> [Instructions to follow]: Retyping each entry exactly is the whole task.

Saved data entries
(* Let $D$ be a centrally finite division algebra and let $R=D[t_1,\ldots,t_n]$ be the ring of polynomials in $n$ central commuting variables over $D$. Then for every finite subset $A$ of $R$, the subring $S=D[A]$ of $R$ generated by $D\cup A$ is centrally normalizable over $D$.
   Context: All rings are associative with unity. A division algebra is centrally finite if it is finite-dimensional over its center. A ring $S$ containing $D$ is finite over a subring $R'$ if $S$ is finitely generated as a left $R'$-module. Commuting elements $a_1,\ldots,a_m\in S$ are (left) algebraically independent over $D$ if the monomials $a_1^{i_1}\cdots a_m^{i_m}$ are left linearly independent over $D$. $S$ is centrally normalizable over $D$ if there exist $m\ge0$ and commuting elements $a_1,\ldots,a_m\in S$ with $a_ib=ba_i$ for all $b\in D$, which are left algebraically independent over $D$, and such that $S$ is finite over the subring $D[a_1,\ldots,a_m]$ generated by $D\cup\{a_1,\ldots,a_m\}$. *)

From HB Require Import structures.
From mathcomp Require Import all_boot all_algebra.
From mathcomp Require Import mpoly.
Set Implicit Arguments. Unset Strict Implicit. Unset Printing Implicit Defensive.
Import GRing.Theory.
Local Open Scope ring_scope.

Definition central (R : ringType) (x : R) : Prop := forall y : R, x * y = y * x.

Definition division_ring (D : unitRingType) : Prop :=
  forall x : D, x != 0 -> x \is a GRing.unit.

(* D is finite-dimensional over its center Z(D): finitely many elements span D
   as a (left) Z(D)-vector space *)
Definition centrally_finite (D : unitRingType) : Prop :=
  exists s : seq D, forall x : D,
    exists c : 'I_(size s) -> D, (forall i, central (c i)) /\
      x = \sum_(i < size s) c i * s`_i.

Inductive gen_subring (R : ringType) (X : R -> Prop) : R -> Prop :=
| gs_gen x : X x -> gen_subring X x
| gs_one : gen_subring X 1
| gs_add x y : gen_subring X x -> gen_subring X y -> gen_subring X (x + y)
| gs_opp x : gen_subring X x -> gen_subring X (- x)
| gs_mul x y : gen_subring X x -> gen_subring X y -> gen_subring X (x * y).

Definition DAdj (D : ringType) (n : nat) (X : {mpoly D[n]} -> Prop) :
  {mpoly D[n]} -> Prop :=
  gen_subring (fun x => (exists d : D, x = d%:MP) \/ X x).

(* S is finite over the subring R' : S is finitely generated as a left R'-module *)
Definition finite_over (R : ringType) (S R' : R -> Prop) : Prop :=
  exists s : seq R, (forall x, x \in s -> S x) /\
    forall x, S x -> exists r : 'I_(size s) -> R,
      (forall i, R' (r i)) /\ x = \sum_(i < size s) r i * s`_i.

Definition monom (R : ringType) (m : nat) (a : 'I_m -> R) (e : 'X_{1..m}) : R :=
  \prod_(i < m) a i ^+ e i.

Definition alg_indep (D : ringType) (n m : nat) (a : 'I_m -> {mpoly D[n]}) : Prop :=
  forall (s : seq 'X_{1..m}) (c : 'X_{1..m} -> D), uniq s ->
    \sum_(e <- s) (c e)%:MP * monom a e = 0 -> forall e, e \in s -> c e = 0.

Definition centrally_normalizable (D : ringType) (n : nat)
  (S : {mpoly D[n]} -> Prop) : Prop :=
  exists (m : nat) (a : 'I_m -> {mpoly D[n]}),
    [/\ forall i, S (a i),
        forall i j, a i * a j = a j * a i,
        forall i (b : D), a i * b%:MP = b%:MP * a i,
        alg_indep a &
        finite_over S (DAdj (fun x => exists i, x = a i))].

From HB Require Import structures.
From mathcomp Require Import all_boot all_algebra.
From mathcomp Require Import mpoly.
From Stdlib Require Import Classical.
Set Implicit Arguments. Unset Strict Implicit. Unset Printing Implicit Defensive.
Import GRing.Theory.
Local Open Scope ring_scope.

(* Let Z be the centre of D.  Expanding every coefficient of x in a finite
   Z-spanning set of D writes x as a left D-combination of polynomials with
   coefficients in Z.  When x lies in S = D[A] the terms can be taken in S: if
   two coefficients of a shortest combination have a non-central ratio,
   commuting with a suitable constant yields a shorter combination lying in S
   which eliminates one of the terms.  Hence S = D[b_1, ..., b_k] with every
   b_i central in D[t_1, ..., t_n].  For central generators Noether
   normalization works as over a field: if the monomials in the b_i are
   D-linearly dependent, Nagata's substitution b_i = z_i + b_1^(N^i) turns a
   relation into a polynomial in b_1 whose top coefficient is a nonzero, hence
   invertible, element of D; so S is finite over D[z_2, ..., z_k], and one
   concludes by induction on k. *)

Section Central.
Variable T : nzRingType.
Implicit Types x y : T.

Lemma central0 : central (0 : T). Proof. by move=> y; rewrite mul0r mulr0. Qed.

Lemma central1 : central (1 : T). Proof. by move=> y; rewrite mul1r mulr1. Qed.

Lemma centralD x y : central x -> central y -> central (x + y).
Proof. by move=> cx cy z; rewrite mulrDl mulrDr cx cy. Qed.

Lemma centralN x : central x -> central (- x).
Proof. by move=> cx z; rewrite mulNr mulrN cx. Qed.

Lemma centralB x y : central x -> central y -> central (x - y).
Proof. by move=> cx cy; apply/centralD/centralN. Qed.

Lemma centralM x y : central x -> central y -> central (x * y).
Proof. by move=> cx cy z; rewrite -mulrA cy mulrA cx mulrA. Qed.

Lemma centralX x k : central x -> central (x ^+ k).
Proof.
move=> cx; elim: k => [|k IHk]; first by rewrite expr0; apply: central1.
by rewrite exprS; apply: centralM.
Qed.

End Central.

Section LeftSpan.
Variable T : nzRingType.
Implicit Types (H V : T -> Prop) (x : T).

Inductive lspan H V : T -> Prop :=
| lspan0 : lspan H V 0
| lspan_cons h v x : H h -> V v -> lspan H V x -> lspan H V (h * v + x).
(* Let $d\ge 2$. Up to isomorphism there is exactly one primitive $d$-uniform monomial sunflower whose sunflower has a core of size $d-1$. Its multiset of edges consists of $2d+2$ distinct edges, each of multiplicity one: $2d$ petals and $2$ matching edges.
   Context: A hypergraph is $d$-uniform if every edge has exactly $d$ vertices. A sunflower is a $d$-uniform hypergraph with at least two edges (petals) such that any two distinct petals intersect exactly in a fixed nonempty set $C$, the core. A $d$-uniform monomial sunflower is a multihypergraph $\mathcal H$ whose support (its set of distinct edges) consists of two parts: - a sunflower; - a perfect matching of the sunflower's non-core vertices by $d$-element edges disjoint from the core. It is also required that the edge copies of $\mathcal H$ admit a balanced bicolouring, i.e. a red/blue colouring such that every vertex lies in equally many red as blue copies. $\mathcal H$ is primitive if some balanced bicolouring has no nonempty proper balanced sub-multiset with colours kept. *)

From mathcomp Require Import all_boot.
Set Implicit Arguments. Unset Strict Implicit. Unset Printing Implicit Defensive.

(* A finite multihypergraph on a finite vertex type T is given by its
   multiplicity function m : {set T} -> nat (m E = number of copies of E). *)
Section MS.
Variable T : finType.
Implicit Types (m r b : {set T} -> nat) (C : {set T}) (P M : {set {set T}}).

Definition ms_support m : {set {set T}} := [set E | 0 < m E].

Definition vertices m : {set T} := cover (ms_support m).

Definition uniform (d : nat) m := forall E, 0 < m E -> #|E| = d.

Definition balanced r b :=
  forall x : T, \sum_(E : {set T} | x \in E) r E = \sum_(E : {set T} | x \in E) b E.

(* A bicolouring of the copies of m: r E of the m E copies of E are red,
   the remaining m E - r E are blue. *)
Definition balanced_bicolouring m r :=
  (forall E, r E <= m E) /\ balanced r (fun E => m E - r E).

> [Solution to this task]:
(* Let $D$ be a centrally finite division algebra and let $R=D[t_1,\ldots,t_n]$ be the ring of polynomials in $n$ central commuting variables over $D$. Then for every finite subset $A$ of $R$, the subring $S=D[A]$ of $R$ generated by $D\cup A$ is centrally normalizable over $D$.
   Context: All rings are associative with unity. A division algebra is centrally finite if it is finite-dimensional over its center. A ring $S$ containing $D$ is finite over a subring $R'$ if $S$ is finitely generated as a left $R'$-module. Commuting elements $a_1,\ldots,a_m\in S$ are (left) algebraically independent over $D$ if the monomials $a_1^{i_1}\cdots a_m^{i_m}$ are left linearly independent over $D$. $S$ is centrally normalizable over $D$ if there exist $m\ge0$ and commuting elements $a_1,\ldots,a_m\in S$ with $a_ib=ba_i$ for all $b\in D$, which are left algebraically independent over $D$, and such that $S$ is finite over the subring $D[a_1,\ldots,a_m]$ generated by $D\cup\{a_1,\ldots,a_m\}$. *)

From HB Require Import structures.
From mathcomp Require Import all_boot all_algebra.
From mathcomp Require Import mpoly.
Set Implicit Arguments. Unset Strict Implicit. Unset Printing Implicit Defensive.
Import GRing.Theory.
Local Open Scope ring_scope.

Definition central (R : ringType) (x : R) : Prop := forall y : R, x * y = y * x.

Definition division_ring (D : unitRingType) : Prop :=
  forall x : D, x != 0 -> x \is a GRing.unit.

(* D is finite-dimensional over its center Z(D): finitely many elements span D
   as a (left) Z(D)-vector space *)
Definition centrally_finite (D : unitRingType) : Prop :=
  exists s : seq D, forall x : D,
    exists c : 'I_(size s) -> D, (forall i, central (c i)) /\
      x = \sum_(i < size s) c i * s`_i.

Inductive gen_subring (R : ringType) (X : R -> Prop) : R -> Prop :=
| gs_gen x : X x -> gen_subring X x
| gs_one : gen_subring X 1
| gs_add x y : gen_subring X x -> gen_subring X y -> gen_subring X (x + y)
| gs_opp x : gen_subring X x -> gen_subring X (- x)
| gs_mul x y : gen_subring X x -> gen_subring X y -> gen_subring X (x * y).

Definition DAdj (D : ringType) (n : nat) (X : {mpoly D[n]} -> Prop) :
  {mpoly D[n]} -> Prop :=
  gen_subring (fun x => (exists d : D, x = d%:MP) \/ X x).

(* S is finite over the subring R' : S is finitely generated as a left R'-module *)
Definition finite_over (R : ringType) (S R' : R -> Prop) : Prop :=
  exists s : seq R, (forall x, x \in s -> S x) /\
    forall x, S x -> exists r : 'I_(size s) -> R,
      (forall i, R' (r i)) /\ x = \sum_(i < size s) r i * s`_i.

Definition monom (R : ringType) (m : nat) (a : 'I_m -> R) (e : 'X_{1..m}) : R :=
  \prod_(i < m) a i ^+ e i.

Definition alg_indep (D : ringType) (n m : nat) (a : 'I_m -> {mpoly D[n]}) : Prop :=
  forall (s : seq 'X_{1..m}) (c : 'X_{1..m} -> D), uniq s ->
    \sum_(e <- s) (c e)%:MP * monom a e = 0 -> forall e, e \in s -> c e = 0.

Definition centrally_normalizable (D : ringType) (n : nat)
  (S : {mpoly D[n]} -> Prop) : Prop :=
  exists (m : nat) (a : 'I_m -> {mpoly D[n]}),
    [/\ forall i, S (a i),
        forall i j, a i * a j = a j * a i,
        forall i (b : D), a i * b%:MP = b%:MP * a i,
        alg_indep a &
        finite_over S (DAdj (fun x => exists i, x = a i))].

From HB Require Import structures.
From mathcomp Require Import all_boot all_algebra.
From mathcomp Require Import mpoly.
From Stdlib Require Import Classical.
Set Implicit Arguments. Unset Strict Implicit. Unset Printing Implicit Defensive.
Import GRing.Theory.
Local Open Scope ring_scope.

(* Let Z be the centre of D.  Expanding every coefficient of x in a finite
   Z-spanning set of D writes x as a left D-combination of polynomials with
   coefficients in Z.  When x lies in S = D[A] the terms can be taken in S: if
   two coefficients of a shortest combination have a non-central ratio,
   commuting with a suitable constant yields a shorter combination lying in S
   which eliminates one of the terms.  Hence S = D[b_1, ..., b_k] with every
   b_i central in D[t_1, ..., t_n].  For central generators Noether
   normalization works as over a field: if the monomials in the b_i are
   D-linearly dependent, Nagata's substitution b_i = z_i + b_1^(N^i) turns a
   relation into a polynomial in b_1 whose top coefficient is a nonzero, hence
   invertible, element of D; so S is finite over D[z_2, ..., z_k], and one
   concludes by induction on k. *)

Section Central.
Variable T : nzRingType.
Implicit Types x y : T.

Lemma central0 : central (0 : T). Proof. by move=> y; rewrite mul0r mulr0. Qed.

Lemma central1 : central (1 : T). Proof. by move=> y; rewrite mul1r mulr1. Qed.

Lemma centralD x y : central x -> central y -> central (x + y).
Proof. by move=> cx cy z; rewrite mulrDl mulrDr cx cy. Qed.

Lemma centralN x : central x -> central (- x).
Proof. by move=> cx z; rewrite mulNr mulrN cx. Qed.

Lemma centralB x y : central x -> central y -> central (x - y).
Proof. by move=> cx cy; apply/centralD/centralN. Qed.

Lemma centralM x y : central x -> central y -> central (x * y).
Proof. by move=> cx cy z; rewrite -mulrA cy mulrA cx mulrA. Qed.

Lemma centralX x k : central x -> central (x ^+ k).
Proof.
move=> cx; elim: k => [|k IHk]; first by rewrite expr0; apply: central1.
by rewrite exprS; apply: centralM.
Qed.

End Central.

Section LeftSpan.
Variable T : nzRingType.
Implicit Types (H V : T -> Prop) (x : T).

Inductive lspan H V : T -> Prop :=
| lspan0 : lspan H V 0
| lspan_cons h v x : H h -> V v -> lspan H V x -> lspan H V (h * v + x).
(* Let $d\ge 2$. Up to isomorphism there is exactly one primitive $d$-uniform monomial sunflower whose sunflower has a core of size $d-1$. Its multiset of edges consists of $2d+2$ distinct edges, each of multiplicity one: $2d$ petals and $2$ matching edges.
   Context: A hypergraph is $d$-uniform if every edge has exactly $d$ vertices. A sunflower is a $d$-uniform hypergraph with at least two edges (petals) such that any two distinct petals intersect exactly in a fixed nonempty set $C$, the core. A $d$-uniform monomial sunflower is a multihypergraph $\mathcal H$ whose support (its set of distinct edges) consists of two parts: - a sunflower; - a perfect matching of the sunflower's non-core vertices by $d$-element edges disjoint from the core. It is also required that the edge copies of $\mathcal H$ admit a balanced bicolouring, i.e. a red/blue colouring such that every vertex lies in equally many red as blue copies. $\mathcal H$ is primitive if some balanced bicolouring has no nonempty proper balanced sub-multiset with colours kept. *)

From mathcomp Require Import all_boot.
Set Implicit Arguments. Unset Strict Implicit. Unset Printing Implicit Defensive.

(* A finite multihypergraph on a finite vertex type T is given by its
   multiplicity function m : {set T} -> nat (m E = number of copies of E). *)
Section MS.
Variable T : finType.
Implicit Types (m r b : {set T} -> nat) (C : {set T}) (P M : {set {set T}}).

Definition ms_support m : {set {set T}} := [set E | 0 < m E].

Definition vertices m : {set T} := cover (ms_support m).

Definition uniform (d : nat) m := forall E, 0 < m E -> #|E| = d.

Definition balanced r b :=
  forall x : T, \sum_(E : {set T} | x \in E) r E = \sum_(E : {set T} | x \in E) b E.

(* A bicolouring of the copies of m: r E of the m E copies of E are red,
   the remaining m E - r E are blue. *)
Definition balanced_bicolouring m r :=
  (forall E, r E <= m E) /\ balanced r (fun E => m E - r E).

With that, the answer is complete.